Identifying, characterizing and preserving pathogen strains causing potato common scab in North America. There are no reliable methods for controlling common scab disease, which causes quality losses in root and tuber crops, especially potatoes, and has become increasingly troublesome for northeastern and Midwest potato growers in recent years. With the cooperation of potato growers and research personnel, a research collection of the pathogenic bacteria associated with potato common scab in North America was assembled during the last 7 years. Characterization of the collection revealed a number of species (in the genus Streptomyces) associated with the disease. Pathogenic strains showed unexpectedly dynamic variation in gene content associated with pathogenicity, which may provide an explanation for differences in disease pressure in different potato-growing regions. Pathogenic variation poses challenges in developing strategies to control the disease. The survey is the most extensive conducted anywhere in the world to date. This molecularly characterized and preserved Streptomyces research collection is available to other researchers interested in population biology studies and tracing the evolutionary history and spread of common scab-associated Streptomyces. There are also potential applications in identification of new antimicrobial products. Identifying and characterizing the diversity of pathogens causing the disease provides essential information for developing new disease control methods, selecting appropriate potato cultivars to plant in a location, and breeding or testing for common scab disease resistance.

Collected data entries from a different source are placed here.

(* Let $q_1,q_2$ be inference programs such that for every input $c$ the evaluation of $q_1(c)$ is strictly properly weighted for $\gamma_1(\cdot\,;c)$ and the evaluation of $q_2(c)$ is strictly properly weighted for $\gamma_2(\cdot\,;c)$. Then for every input $c_0$, evaluation of $q_3=\mathtt{compose}(q_2,q_1)$ on $c_0$ is strictly properly weighted for its unnormalized density $\gamma_3(\tau_2\oplus\tau_1;c_0)=\gamma_2(\tau_2;c_1)\,\gamma_1(\tau_1;c_0)$, where $c_1$ is the return value of $q_1$ associated with $\tau_1$.
   Context: Traces $\tau$ are finite maps from addresses to values of sampled variables; density maps $\rho$ are finite maps from addresses to $[0,\infty)$; $\oplus$ is union of maps with disjoint domains. Evaluation $c,\tau,\rho,w\leftsquigarrow q(c')$ randomly returns a value, a trace, a density map and a weight. The program $\mathtt{compose}(q_2,q_1)(c_0)$ evaluates $c_1,\tau_1,\rho_1,w_1\leftsquigarrow q_1(c_0)$, then $c_2,\tau_2,\rho_2,w_2\leftsquigarrow q_2(c_1)$, requires $\mathrm{dom}(\rho_1)\cap\mathrm{dom}(\rho_2)=\emptyset$, and returns $c_2,\tau_2\oplus\tau_1,\rho_2\oplus\rho_1,w_2w_1$. An evaluation is strictly properly weighted for an unnormalized density $\gamma$ (w.r.t. a reference measure $d\tau$) if $\mathbb{E}[w\,h(\tau)]=\int d\tau\,\gamma(\tau)h(\tau)$ for all measurable $h$. *)

From HB Require Import structures.
From mathcomp Require Import all_boot all_order all_algebra.
From mathcomp Require Import all_classical all_reals all_analysis measurable_realfun.
Set Implicit Arguments. Unset Strict Implicit. Unset Printing Implicit Defensive.
Import Order.TTheory GRing.Theory Num.Theory.
Local Open Scope classical_set_scope.
Local Open Scope ring_scope.
Local Open Scope ereal_scope.

(* An evaluation  c, tau, rho, w <~ q(c')  returns an element of
   Out C Tr Rho R := C * (Tr * (Rho * R))  (value, trace, density map, weight). *)
Definition Out (C Tr Rho R : Type) := (C * (Tr * (Rho * R)))%type.

Section accessors.
Context {C Tr Rho R : Type}.
Definition out_val (x : Out C Tr Rho R) : C := x.1.
Definition out_tr (x : Out C Tr Rho R) : Tr := x.2.1.
Definition out_rho (x : Out C Tr Rho R) : Rho := x.2.2.1.
Definition out_w (x : Out C Tr Rho R) : R := x.2.2.2.
End accessors.

(* Generic "strictly properly weighted": the evaluation, described by its
   expectation functional E (E f = expectation of f(output)), satisfies
   E[w h(tau)] = I h  for every measurable h >= 0, where
   I h = \int d tau gamma(tau) h(tau)  is integration against the
   unnormalized density gamma w.r.t. the reference measure. *)
Definition spw_gen {R : realType} {dT} {Tr : measurableType dT} {O : Type}
  (E : (O -> \bar R) -> \bar R) (tr : O -> Tr) (w : O -> R)
  (Igamma : (Tr -> \bar R) -> \bar R) : Prop :=
  forall h : Tr -> \bar R, measurable_fun setT h -> (forall t, 0 <= h t) ->
    E (fun x => (w x)%:E * h (tr x)) = Igamma h.

Definition eval_expect {R : realType} {dC dO} {C : measurableType dC}
  {O : measurableType dO} (q : R.-pker C ~> O) (c : C) (f : O -> \bar R) : \bar R :=
  \int[q c]_x f x.

Definition strictly_properly_weighted {R : realType} {dC dT dRho}
  {C : measurableType dC} {Tr : measurableType dT} {Rho : measurableType dRho}
  (q : R.-pker C ~> Out C Tr Rho R) (c : C)
  (ref : {measure set Tr -> \bar R}) (gamma : Tr -> R) : Prop :=
  spw_gen (eval_expect q c) out_tr out_w (fun h => \int[ref]_t ((gamma t)%:E * h t)).
Lemma connected_ball_pair (p : R * R) e : connected (ball p e).
Proof.
have connected_ballR (c : R) : connected (ball c e).
  by apply/connected_intervalP; rewrite ball_itv; exact: interval_is_interval.
have [e_gt0|e_le0] := ltP 0 e; last first.
  suff -> : ball p e = set0 by exact: connected0.
  apply/seteqP; split => // y [/= b1 _].
  by have := le_lt_trans (normr_ge0 _) b1; rewrite ltNge e_le0.
set I := ball p.1 e; set J := ball p.2 e.
have -> : ball p e = \bigcup_(a in I) (([set a] `*` J) `|` (I `*` [set p.2])).
  apply/seteqP; split=> [y [y1 y2]|[u v] [a Ia [[/= -> Jv]|[Iu /= ->]]]].
    by exists y.1 => //; left; split.
  - by split => //; exact: ballxx.
  - by split => //; exact: ballxx.
apply: bigcup_connected => [|a Ia].
  by exists p => a Ia; right; split => //; exact: ballxx.
apply: connectedU.
- by exists (a, p.2); split; split => //; exact: ballxx.
- have -> : [set a] `*` J = (fun y => (a, y)) @` J.
    apply/seteqP; split=> [[u v] [/= -> Jv]|_ [v Jv <-] //]; by exists v.
  apply: connected_continuous_connected; first exact: connected_ballR.
  apply/continuous_subspaceT => y.
  exact: (@cvg_pair _ _ _ _ (nbhs a) (nbhs y)) (cvg_cst _) cvg_id.
- have -> : I `*` [set p.2] = (fun y => (y, p.2)) @` I.
    apply/seteqP; split=> [[u v] [Iu /= ->]|_ [u Iu <-] //]; by exists u.
  apply: connected_continuous_connected; first exact: connected_ballR.
  apply/continuous_subspaceT => y.
  exact: (@cvg_pair _ _ _ _ (nbhs y) (nbhs p.2)) cvg_id (cvg_cst _).
Qed.

End OpenSetsOfPlane.

Section Torus.
Local Open Scope quotient_scope.
Variable R : realType.
Local Notation pr := (@torus_proj R).

Lemma torus_projP (p q : R * R) : pr p = pr q <-> torus_rel p q.
Proof.
split=> [e|rpq]; first exact/eqmodP.
by have : \pi_(torus_quot R) p = \pi_(torus_quot R) q by exact/eqmodP.
Qed.

Lemma torus_proj_repr (y : torus R) : pr (repr y) = y.
Proof. exact: reprK. Qed.

Lemma open_torus_proj_image (W : set (R * R)) : open W -> open (pr @` W).
Proof.
move=> oW; change (open (pr @^-1` (pr @` W))).
rewrite openE => q [w Ww /torus_projP /andP [r1 r2]].
have /nbhs_ballP [e e0 ewW] : nbhs w W by exact: open_nbhs_nbhs.
apply/nbhs_ballP; exists e => // q' [/= b1 b2].
exists (q'.1 - q.1 + w.1, q'.2 - q.2 + w.2).
  apply: ewW; split => /=; rewrite /ball /=.
  - by have -> : w.1 - (q'.1 - q.1 + w.1) = q.1 - q'.1 by ring.
  - by have -> : w.2 - (q'.2 - q.2 + w.2) = q.2 - q'.2 by ring.
apply/torus_projP/andP; split => /=.
  by have -> : q'.1 - q.1 + w.1 - q'.1 = w.1 - q.1 by ring.
by have -> : q'.2 - q.2 + w.2 - q'.2 = w.2 - q.2 by ring.
Qed.

Lemma open_torus_component (A : set (torus R)) z :
  open A -> open (connected_component A z).
Proof.
move=> oA; rewrite openE => y zy.
have /nbhs_ballP [e e0 eA] : nbhs (repr y) (pr @^-1` A).
  apply: open_nbhs_nbhs; split; first exact: oA.
  by rewrite /= torus_proj_repr; exact: connected_component_sub zy.
have oC : open (pr @` ball (repr y) e).
  exact/open_torus_proj_image/ball_open.
have Cy : (pr @` ball (repr y) e) y.
  by exists (repr y); [exact: ballxx|exact: torus_proj_repr].
apply: filterS (open_nbhs_nbhs (conj oC Cy)).
rewrite (same_connected_component zy); apply: connected_component_max => //.
  by move=> _ [p /eA Ap <-].
apply: connected_continuous_connected; first exact: connected_ball_pair.
exact/continuous_subspaceT/pi_continuous.
Qed.
(* Let $n\ge1$, $m\ge0$, let $z\in Z_{n,m}$ with $z_i=0$ for some $1\leq i\leq m$, and let $P=(z=x^0\sim x^1\sim\dots\sim x^d=0)$ be a geodesic in $Z_{n,m}$ between $z$ and $0$. Then, for either choice of sign, there exists a geodesic $P'=(z=y^0\sim y^1\sim\dots\sim y^d=0)$ such that (1) $y^t_i\leq0$ for all $0\leq t\leq d$ (respectively, $y^t_i\geq0$ for all $0\le t\le d$), and (2) $\{y^t_j:0\leq t\leq d\}=\{x^t_j:0\leq t\leq d\}$ for every $0\leq j\leq m+1$ with $j\neq i$.
   Context: Elements of $\mathbb{Z}_n$ are identified with representatives in $\{0,\dots,n-1\}$. The dYoke graph $Z_{n,m}$ has vertices $u=(u_0,\dots,u_{m+1})\in\mathbb{Z}_n\times\{-1,0,1\}^m\times\mathbb{Z}_n$ with $\sum_{i=0}^{m+1}u_i\equiv0\pmod n$; $u,v$ are adjacent if there is $0\leq i\leq m$ such that $u_j=v_j$ for $j\notin\{i,i+1\}$ and either ($u_i=v_i+1$, $u_{i+1}=v_{i+1}-1$) or ($u_i=v_i-1$, $u_{i+1}=v_{i+1}+1$), with arithmetic in coordinates $0,m+1$ in $\mathbb{Z}_n$. $0$ is the all-zero vertex. *)

From mathcomp Require Import all_boot all_order all_algebra.
From mathcomp Require Import intdiv.
Set Implicit Arguments. Unset Strict Implicit. Unset Printing Implicit Defensive.
Import Order.TTheory GRing.Theory Num.Theory.
Local Open Scope ring_scope.

(* A vertex of Z_{n,m} is encoded as u : nat -> int, with u k the k-th
   coordinate for 0 <= k <= m+1 and u k = 0 for k > m+1 (canonical padding).
   Coordinates 0 and m+1 are elements of Z_n, represented in {0,...,n-1}. *)
Definition dyoke_vertex (n m : nat) (u : nat -> int) : Prop :=
  [/\ 0 <= u 0%N < n%:Z, 0 <= u m.+1 < n%:Z,
      (forall k : nat, (1 <= k <= m)%N -> u k \in [:: -1; 0; 1]),
      (forall k : nat, (m.+1 < k)%N -> u k = 0) &
      (n%:Z %| \sum_(0 <= k < m.+2) u k)%Z].

Definition coord_eq (n m : nat) (k : nat) (a b : int) : bool :=
  if (k == 0%N) || (k == m.+1) then (n%:Z %| (a - b))%Z else a == b.

Definition dyoke_adj (n m : nat) (u v : nat -> int) : Prop :=
  exists i : nat, (i <= m)%N /\
    (forall j : nat, j != i -> j != i.+1 -> u j = v j) /\
    ((coord_eq n m i (u i) (v i + 1) /\ coord_eq n m i.+1 (u i.+1) (v i.+1 - 1)) \/
     (coord_eq n m i (u i) (v i - 1) /\ coord_eq n m i.+1 (u i.+1) (v i.+1 + 1))).

Definition dyoke_zero : nat -> int := fun _ => 0.

Definition dyoke_path (n m : nat) (x : nat -> nat -> int) (d : nat)
    (a b : nat -> int) : Prop :=
  [/\ x 0%N = a, x d = b,
      (forall t : nat, (t <= d)%N -> dyoke_vertex n m (x t)) &
      (forall t : nat, (t < d)%N -> dyoke_adj n m (x t) (x t.+1))].

Definition dyoke_geodesic (n m : nat) (x : nat -> nat -> int) (d : nat)
    (a b : nat -> int) : Prop :=
  dyoke_path n m x d a b /\
  forall (x' : nat -> nat -> int) (d' : nat), dyoke_path n m x' d' a b -> (d <= d')%N.

Definition coord_values (x : nat -> nat -> int) (d j : nat) (a : int) : Prop :=
  exists2 t : nat, (t <= d)%N & x t j = a.

(* Record a walk from [z] by its moves [(e, sg)], [sg = 1] or
   [-1], each adding [sg] to coordinate [e] and [-sg] to coordinate [e + 1].
   On a geodesic, no two moves on the same edge have opposite signs: an
   innermost such pair could be deleted without leaving the graph, giving a
   shorter walk.  Coordinates [j < i] only feel the moves on edges [< i] and
   coordinates [j > i] only those on edges [>= i], so every interleaving of
   these two subsequences is again a geodesic visiting the same values on each
   coordinate [j <> i].  Coordinate [i] is moved by edge [i - 1] in one
   direction and by edge [i] in the other, equally often; a greedy
   interleaving keeps it in [{0, -1}], the symmetric one in [{0, 1}]. *)

From mathcomp Require Import all_boot all_order all_algebra.
From mathcomp Require Import intdiv zify.
From Stdlib Require Import FunctionalExtensionality Classical.
Set Implicit Arguments. Unset Strict Implicit. Unset Printing Implicit Defensive.
Import Order.TTheory GRing.Theory Num.Theory.
Local Open Scope ring_scope.

(** * Prefixes and interleavings *)

Definition all_prefixes T (P : seq T -> Prop) (s : seq T) : Prop :=
  forall t, P (take t s).

Lemma all_prefixes_cons T (P : seq T -> Prop) x s :
  all_prefixes P (x :: s) <-> P [::] /\ all_prefixes (fun u => P (x :: u)) s.
Proof.
split=> [h | [h0 h] [|t] //]; last exact: h.
by split=> [|t]; [apply: (h 0%N) | apply: (h t.+1)].
Qed.

Lemma all_prefixes_cat T (P : seq T -> Prop) s1 s2 :
  all_prefixes P (s1 ++ s2) <-> all_prefixes P s1 /\ all_prefixes (fun u => P (s1 ++ u)) s2.
Proof.
elim: s1 P => [|x s1 IH] P /=.
  by split=> [h | [_ h] //]; split=> // t; have := h 0%N; rewrite take0.
have := IH (fun u => P (x :: u)); rewrite !all_prefixes_cons; tauto.
Qed.

Lemma has_split T (p : pred T) s : has p s ->
  exists s1 x s2, [/\ s = s1 ++ x :: s2, p x & ~~ has p s1].
Proof. by case/split_find=> x s1 s2 px no_p; exists s1, x, s2; rewrite cat_rcons. Qed.

Lemma mem_split (T : eqType) (x : T) s : x \in s -> exists s1 s2, s = s1 ++ x :: s2.
Proof. by case/splitPr=> s1 s2; exists s1, s2. Qed.

Lemma filter_take_prefix T (p : pred T) s t : exists u, filter p (take t s) = take u (filter p s).
Proof.
exists (count p (take t s)).
by rewrite -{3}(cat_take_drop t s) filter_cat take_size_cat // size_filter.
Qed.

Lemma take_filter_prefix T (p : pred T) s u :
  exists2 t, (t <= size s)%N & take u (filter p s) = filter p (take t s).
Proof.
elim: s u => [|x s IH] u; first by exists 0%N.
case: u => [|u]; first by exists 0%N => //; rewrite take0.
rewrite /=; case: ifP => px.
  by have [t le_t E] := IH u; exists t.+1 => //=; rewrite px E.
by have [t le_t E] := IH u.+1; exists t.+1 => //=; rewrite px.
Qed.

Lemma two_valued_sum_eq0 (T : eqType) (h : T -> int) c s :
    all (fun x => h x \in [:: 0; c]) s -> \sum_(x <- s) h x = 0 ->
  all (fun x => h x == 0) s.
Proof.
move=> /allP two sum0; have /eqP : \sum_(x <- s) c * h x = 0 by rewrite -mulr_sumr sum0 mulr0.
rewrite big_seq psumr_eq0 => [/allP zero|x /two]; last first.
  by rewrite !inE => /orP[] /eqP->; rewrite ?mulr0 // -expr2 sqr_ge0.
apply/allP=> x x_in; move: (zero x x_in) (two x x_in); rewrite x_in mulf_eq0 !inE /=.
by case/orP=> /eqP->; rewrite ?eqxx // orbb.
Qed.

Lemma two_class_signs (T : eqType) (p : pred T) (h : T -> int) s :
    {in s, forall x, `|h x| <= 1} ->
    {in s &, forall x y, p x = p y -> h x != 0 -> h y != 0 -> h x = h y} ->
    \sum_(x <- s) h x = 0 ->
  exists2 sg : int, `|sg| = 1 &
    {in s, forall x, h x \in (if p x then [:: 0; sg] else [:: 0; - sg])}.
Proof.
move=> unit same sum0.
have [/hasP[x0 x0_in /andP[px0 nz0]] | /hasPn none] := boolP (has (fun x => p x && (h x != 0)) s).
  exists (h x0); first by have := unit x0 x0_in; lia.
  move=> x x_in; case: (eqVneq (h x) 0) => [-> | nz]; first by case: ifP; rewrite inE eqxx.
  case: ifP => px; first by rewrite (same x0 x) ?px ?inE ?eqxx ?orbT.
  have : h x = - h x0 \/ h x = h x0 by have := unit x x_in; have := unit x0 x0_in; lia.
  case=> [-> | eq_x]; first by rewrite !inE eqxx orbT.
  have two : all (fun y => h y \in [:: 0; h x0]) s.
    apply/allP=> y y_in; case: (eqVneq (h y) 0) => [-> | nz_y]; first by rewrite inE eqxx.
    rewrite !inE; case: (boolP (p y)) => py.
      by rewrite (same x0 y) ?py ?eqxx ?orbT.
    by rewrite -eq_x (same x y) ?px ?(negbTE py) ?eqxx ?orbT.
  by have /allP/(_ x0 x0_in) := two_valued_sum_eq0 two sum0; rewrite (negbTE nz0).
have [/hasP[y0 y0_in /andP[npy0 nz0]] | /hasPn none'] :=
  boolP (has (fun x => ~~ p x && (h x != 0)) s).
  exists (- h y0); first by have := unit y0 y0_in; lia.
  move=> x x_in; case: ifP => px.
    by move: (none x x_in); rewrite px /= negbK => /eqP->; rewrite inE eqxx.
  case: (eqVneq (h x) 0) => [-> | nz]; first by rewrite inE eqxx.
  by rewrite opprK (same y0 x) ?px ?(negbTE npy0) ?inE ?eqxx ?orbT.
exists 1 => // x x_in; move: (none x x_in) (none' x x_in).
by case: (p x) => /= [/negPn/eqP-> _ | _ /negPn/eqP->]; rewrite inE eqxx.
Qed.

Chen, C., Sheu, Z., Wang, T., Black, L.L., Perez, F.G., Deahl, K.L. 2009. Phenotypic and Genotypic Changes in the Phytophthora infestans Population in Taiwan - 1991 to 2006. Journal of Phytopathology. 157:248-255.
Driscoll, J., Coombs, J., Hammerschmidt, R., Kirk, W., Wanner, L.A., Douches, D. 2009. Greenhouse and Field Nursery Evaluation for Potato Common Scab Tolerance in a Tetraploid Population. American Journal of Potato Research. 86:96-101.
Fravel, D.R., Moravec, B.C., Jones, R.W., Costanzo, S. 2008. Characterization of two ABC transporters from biocontrol and phytopathogenic fusarium oxysporus. Physiological and Molecular Plant Pathology. 73:2-8.